**Action item**:
For each line in the data that includes "eqxx", make a copy.

━━━━━ Dataset content

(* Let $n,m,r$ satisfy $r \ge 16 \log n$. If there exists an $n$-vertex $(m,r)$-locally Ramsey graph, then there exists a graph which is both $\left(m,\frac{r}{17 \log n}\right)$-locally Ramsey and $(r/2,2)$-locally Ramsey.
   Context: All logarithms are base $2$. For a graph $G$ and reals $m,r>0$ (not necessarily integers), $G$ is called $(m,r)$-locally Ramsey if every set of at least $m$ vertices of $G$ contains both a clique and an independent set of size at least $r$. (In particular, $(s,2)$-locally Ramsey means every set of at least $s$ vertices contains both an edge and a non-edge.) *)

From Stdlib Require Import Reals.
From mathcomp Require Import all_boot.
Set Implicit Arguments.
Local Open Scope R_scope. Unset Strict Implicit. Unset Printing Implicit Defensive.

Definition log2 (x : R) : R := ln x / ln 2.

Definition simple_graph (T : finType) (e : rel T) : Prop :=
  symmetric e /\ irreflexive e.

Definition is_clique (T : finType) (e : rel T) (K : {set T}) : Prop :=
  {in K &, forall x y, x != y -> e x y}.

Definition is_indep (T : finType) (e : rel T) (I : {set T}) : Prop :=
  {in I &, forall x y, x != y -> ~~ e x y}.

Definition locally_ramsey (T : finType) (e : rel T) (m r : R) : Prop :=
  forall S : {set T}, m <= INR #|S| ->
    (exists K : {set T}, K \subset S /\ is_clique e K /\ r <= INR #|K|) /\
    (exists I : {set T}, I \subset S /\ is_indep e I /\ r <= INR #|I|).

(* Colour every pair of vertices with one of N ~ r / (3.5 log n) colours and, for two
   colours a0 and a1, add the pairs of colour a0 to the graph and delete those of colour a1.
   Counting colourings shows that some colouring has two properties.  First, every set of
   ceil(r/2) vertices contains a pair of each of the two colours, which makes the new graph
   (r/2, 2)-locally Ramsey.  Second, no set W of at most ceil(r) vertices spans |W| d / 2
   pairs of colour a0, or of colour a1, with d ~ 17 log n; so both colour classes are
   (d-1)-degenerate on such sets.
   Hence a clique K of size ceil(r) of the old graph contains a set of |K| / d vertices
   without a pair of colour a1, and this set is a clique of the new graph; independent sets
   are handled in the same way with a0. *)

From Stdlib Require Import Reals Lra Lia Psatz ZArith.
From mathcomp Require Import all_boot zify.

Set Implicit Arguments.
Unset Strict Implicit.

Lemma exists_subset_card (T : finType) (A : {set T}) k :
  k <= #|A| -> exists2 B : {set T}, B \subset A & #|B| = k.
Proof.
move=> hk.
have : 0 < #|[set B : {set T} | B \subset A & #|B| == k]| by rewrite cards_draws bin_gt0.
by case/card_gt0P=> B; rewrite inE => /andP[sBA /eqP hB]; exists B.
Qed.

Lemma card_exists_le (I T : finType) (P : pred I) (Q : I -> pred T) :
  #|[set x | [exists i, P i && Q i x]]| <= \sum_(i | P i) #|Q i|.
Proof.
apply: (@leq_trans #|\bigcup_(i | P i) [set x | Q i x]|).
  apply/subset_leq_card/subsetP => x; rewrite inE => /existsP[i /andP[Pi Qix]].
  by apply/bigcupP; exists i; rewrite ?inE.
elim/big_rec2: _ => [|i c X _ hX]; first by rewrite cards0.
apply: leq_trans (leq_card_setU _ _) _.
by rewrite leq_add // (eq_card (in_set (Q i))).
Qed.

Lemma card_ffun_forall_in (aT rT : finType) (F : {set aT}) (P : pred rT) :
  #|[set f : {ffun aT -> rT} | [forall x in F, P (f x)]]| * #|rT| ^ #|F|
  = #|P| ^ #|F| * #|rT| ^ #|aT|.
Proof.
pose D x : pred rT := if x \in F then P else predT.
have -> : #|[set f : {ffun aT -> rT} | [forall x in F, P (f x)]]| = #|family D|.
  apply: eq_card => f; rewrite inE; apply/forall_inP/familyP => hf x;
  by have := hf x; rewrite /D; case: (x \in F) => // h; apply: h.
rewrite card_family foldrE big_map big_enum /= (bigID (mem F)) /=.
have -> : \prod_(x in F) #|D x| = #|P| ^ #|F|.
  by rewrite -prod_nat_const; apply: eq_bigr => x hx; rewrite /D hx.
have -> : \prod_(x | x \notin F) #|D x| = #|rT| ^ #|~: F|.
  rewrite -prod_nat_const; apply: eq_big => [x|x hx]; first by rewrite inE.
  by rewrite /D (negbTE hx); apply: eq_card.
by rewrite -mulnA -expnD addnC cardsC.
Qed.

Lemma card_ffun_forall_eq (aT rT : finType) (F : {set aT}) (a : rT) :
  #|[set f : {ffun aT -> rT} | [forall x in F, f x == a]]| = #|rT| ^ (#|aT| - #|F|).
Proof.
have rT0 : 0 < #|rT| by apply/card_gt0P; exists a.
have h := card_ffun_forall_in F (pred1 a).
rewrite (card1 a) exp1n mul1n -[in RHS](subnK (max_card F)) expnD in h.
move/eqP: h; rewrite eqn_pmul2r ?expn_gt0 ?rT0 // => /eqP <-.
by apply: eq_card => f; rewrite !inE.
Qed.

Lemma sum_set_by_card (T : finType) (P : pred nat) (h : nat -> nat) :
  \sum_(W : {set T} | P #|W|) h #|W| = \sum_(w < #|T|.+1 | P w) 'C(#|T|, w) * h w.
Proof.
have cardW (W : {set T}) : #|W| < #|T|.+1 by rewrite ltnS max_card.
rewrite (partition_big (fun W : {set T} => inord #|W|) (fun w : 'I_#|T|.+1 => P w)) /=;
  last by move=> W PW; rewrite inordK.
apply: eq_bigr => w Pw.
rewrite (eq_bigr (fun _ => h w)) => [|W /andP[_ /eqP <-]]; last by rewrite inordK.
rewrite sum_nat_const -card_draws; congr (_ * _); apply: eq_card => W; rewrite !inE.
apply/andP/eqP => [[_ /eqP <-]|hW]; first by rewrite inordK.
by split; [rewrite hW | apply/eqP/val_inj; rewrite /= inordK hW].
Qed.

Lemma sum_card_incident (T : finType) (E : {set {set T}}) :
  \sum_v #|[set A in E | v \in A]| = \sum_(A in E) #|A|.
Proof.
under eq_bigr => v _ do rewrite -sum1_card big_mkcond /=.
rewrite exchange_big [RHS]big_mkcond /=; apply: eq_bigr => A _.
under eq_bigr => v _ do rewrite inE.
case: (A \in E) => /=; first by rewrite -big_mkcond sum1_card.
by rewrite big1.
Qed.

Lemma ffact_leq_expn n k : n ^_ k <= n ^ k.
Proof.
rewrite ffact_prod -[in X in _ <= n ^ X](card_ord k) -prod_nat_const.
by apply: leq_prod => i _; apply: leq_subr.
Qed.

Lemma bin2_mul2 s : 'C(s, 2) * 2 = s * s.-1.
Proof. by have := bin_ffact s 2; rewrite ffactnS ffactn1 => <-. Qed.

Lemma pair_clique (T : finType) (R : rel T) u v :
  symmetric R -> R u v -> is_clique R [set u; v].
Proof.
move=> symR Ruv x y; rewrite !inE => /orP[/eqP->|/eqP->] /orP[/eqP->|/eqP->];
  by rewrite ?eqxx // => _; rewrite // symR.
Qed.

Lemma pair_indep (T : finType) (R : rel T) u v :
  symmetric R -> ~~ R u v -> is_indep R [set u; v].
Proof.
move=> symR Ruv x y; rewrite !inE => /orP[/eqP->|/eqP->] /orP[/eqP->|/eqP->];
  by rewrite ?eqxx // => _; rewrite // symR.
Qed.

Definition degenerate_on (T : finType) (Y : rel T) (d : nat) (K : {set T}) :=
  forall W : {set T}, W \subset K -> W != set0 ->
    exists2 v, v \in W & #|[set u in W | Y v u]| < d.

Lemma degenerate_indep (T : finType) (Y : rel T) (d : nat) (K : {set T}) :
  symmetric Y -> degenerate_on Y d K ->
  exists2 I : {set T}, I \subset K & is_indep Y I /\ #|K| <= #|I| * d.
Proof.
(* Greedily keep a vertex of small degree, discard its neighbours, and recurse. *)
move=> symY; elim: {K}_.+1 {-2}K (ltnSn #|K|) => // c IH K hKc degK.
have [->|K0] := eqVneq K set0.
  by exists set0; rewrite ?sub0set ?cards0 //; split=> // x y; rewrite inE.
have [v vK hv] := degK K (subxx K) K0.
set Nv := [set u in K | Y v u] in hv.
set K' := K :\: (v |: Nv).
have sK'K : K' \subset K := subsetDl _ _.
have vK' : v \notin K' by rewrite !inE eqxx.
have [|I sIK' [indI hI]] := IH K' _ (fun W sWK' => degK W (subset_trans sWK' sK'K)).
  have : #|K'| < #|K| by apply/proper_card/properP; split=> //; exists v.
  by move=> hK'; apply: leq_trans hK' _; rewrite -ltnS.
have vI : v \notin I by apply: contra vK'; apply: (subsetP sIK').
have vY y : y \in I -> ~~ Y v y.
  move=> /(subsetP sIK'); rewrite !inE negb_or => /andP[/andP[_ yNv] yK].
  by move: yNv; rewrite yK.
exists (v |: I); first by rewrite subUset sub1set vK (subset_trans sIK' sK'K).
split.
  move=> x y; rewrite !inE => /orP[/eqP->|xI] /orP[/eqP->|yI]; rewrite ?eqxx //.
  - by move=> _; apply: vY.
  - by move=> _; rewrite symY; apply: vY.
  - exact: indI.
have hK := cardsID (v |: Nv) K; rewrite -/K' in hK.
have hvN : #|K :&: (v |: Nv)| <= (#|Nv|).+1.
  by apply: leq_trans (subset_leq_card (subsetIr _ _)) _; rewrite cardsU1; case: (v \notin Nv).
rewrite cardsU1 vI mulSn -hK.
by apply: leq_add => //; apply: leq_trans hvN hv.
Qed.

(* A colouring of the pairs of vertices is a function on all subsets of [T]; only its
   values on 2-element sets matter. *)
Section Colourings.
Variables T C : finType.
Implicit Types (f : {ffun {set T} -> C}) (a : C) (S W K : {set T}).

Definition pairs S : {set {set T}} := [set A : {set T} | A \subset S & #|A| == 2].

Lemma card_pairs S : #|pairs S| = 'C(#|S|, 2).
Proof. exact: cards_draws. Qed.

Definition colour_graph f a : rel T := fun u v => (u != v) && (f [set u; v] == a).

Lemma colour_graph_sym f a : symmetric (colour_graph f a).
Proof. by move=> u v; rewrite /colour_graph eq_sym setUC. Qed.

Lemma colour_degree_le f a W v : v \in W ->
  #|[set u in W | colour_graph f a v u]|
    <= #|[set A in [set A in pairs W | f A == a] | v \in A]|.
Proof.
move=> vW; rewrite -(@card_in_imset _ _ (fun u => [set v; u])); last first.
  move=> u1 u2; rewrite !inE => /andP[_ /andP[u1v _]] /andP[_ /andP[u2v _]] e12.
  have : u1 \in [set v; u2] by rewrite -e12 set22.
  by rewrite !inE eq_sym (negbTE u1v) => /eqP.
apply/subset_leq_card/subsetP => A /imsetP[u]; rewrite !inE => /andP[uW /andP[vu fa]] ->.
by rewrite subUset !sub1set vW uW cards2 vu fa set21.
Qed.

━━━━━━━━━━
━━━━━ Dataset content

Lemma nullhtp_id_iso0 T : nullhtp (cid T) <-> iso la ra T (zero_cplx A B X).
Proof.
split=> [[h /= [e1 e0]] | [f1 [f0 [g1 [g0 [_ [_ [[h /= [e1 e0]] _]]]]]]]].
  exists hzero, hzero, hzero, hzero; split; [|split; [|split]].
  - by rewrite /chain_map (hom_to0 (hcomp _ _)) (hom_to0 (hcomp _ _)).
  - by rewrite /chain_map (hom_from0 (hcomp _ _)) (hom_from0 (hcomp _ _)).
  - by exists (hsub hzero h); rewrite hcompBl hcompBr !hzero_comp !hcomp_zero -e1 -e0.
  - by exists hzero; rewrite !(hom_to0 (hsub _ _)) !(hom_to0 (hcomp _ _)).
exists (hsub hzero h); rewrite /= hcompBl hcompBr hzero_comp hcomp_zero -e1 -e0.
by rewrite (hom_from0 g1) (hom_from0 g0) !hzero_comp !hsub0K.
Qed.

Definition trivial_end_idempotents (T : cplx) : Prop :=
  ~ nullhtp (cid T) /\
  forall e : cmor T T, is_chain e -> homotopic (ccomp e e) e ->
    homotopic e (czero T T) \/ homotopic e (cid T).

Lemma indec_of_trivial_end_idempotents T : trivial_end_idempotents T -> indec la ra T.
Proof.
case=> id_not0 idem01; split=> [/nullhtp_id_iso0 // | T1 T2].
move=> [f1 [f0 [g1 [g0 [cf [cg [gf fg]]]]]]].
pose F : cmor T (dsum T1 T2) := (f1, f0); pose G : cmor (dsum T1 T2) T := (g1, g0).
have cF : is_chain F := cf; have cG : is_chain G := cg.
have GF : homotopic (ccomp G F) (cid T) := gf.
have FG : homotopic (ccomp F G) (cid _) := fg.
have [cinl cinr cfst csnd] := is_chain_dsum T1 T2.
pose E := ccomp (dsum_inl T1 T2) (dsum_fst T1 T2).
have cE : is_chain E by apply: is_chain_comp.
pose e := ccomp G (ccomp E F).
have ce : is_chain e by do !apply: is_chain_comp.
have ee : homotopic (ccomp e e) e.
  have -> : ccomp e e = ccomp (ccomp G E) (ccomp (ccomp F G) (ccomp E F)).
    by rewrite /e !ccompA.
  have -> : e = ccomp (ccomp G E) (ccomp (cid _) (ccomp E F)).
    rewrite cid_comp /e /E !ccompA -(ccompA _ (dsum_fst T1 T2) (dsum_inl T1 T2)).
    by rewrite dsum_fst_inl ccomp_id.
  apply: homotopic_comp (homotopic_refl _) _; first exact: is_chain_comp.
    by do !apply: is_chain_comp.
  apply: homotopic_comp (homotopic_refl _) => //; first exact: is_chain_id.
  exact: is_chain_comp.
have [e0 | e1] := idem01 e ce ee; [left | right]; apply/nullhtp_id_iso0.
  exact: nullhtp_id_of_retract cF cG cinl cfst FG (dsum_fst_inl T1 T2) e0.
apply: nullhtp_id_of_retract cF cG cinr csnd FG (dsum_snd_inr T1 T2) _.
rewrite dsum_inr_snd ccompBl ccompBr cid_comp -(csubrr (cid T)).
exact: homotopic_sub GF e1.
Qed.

━━━━━━━━━━

**Answer to this exercise**:
  by rewrite ?eqxx // => _; rewrite // symR.
  by rewrite ?eqxx // => _; rewrite // symR.
have vK' : v \notin K' by rewrite !inE eqxx.
  move=> x y; rewrite !inE => /orP[/eqP->|xI] /orP[/eqP->|yI]; rewrite ?eqxx //.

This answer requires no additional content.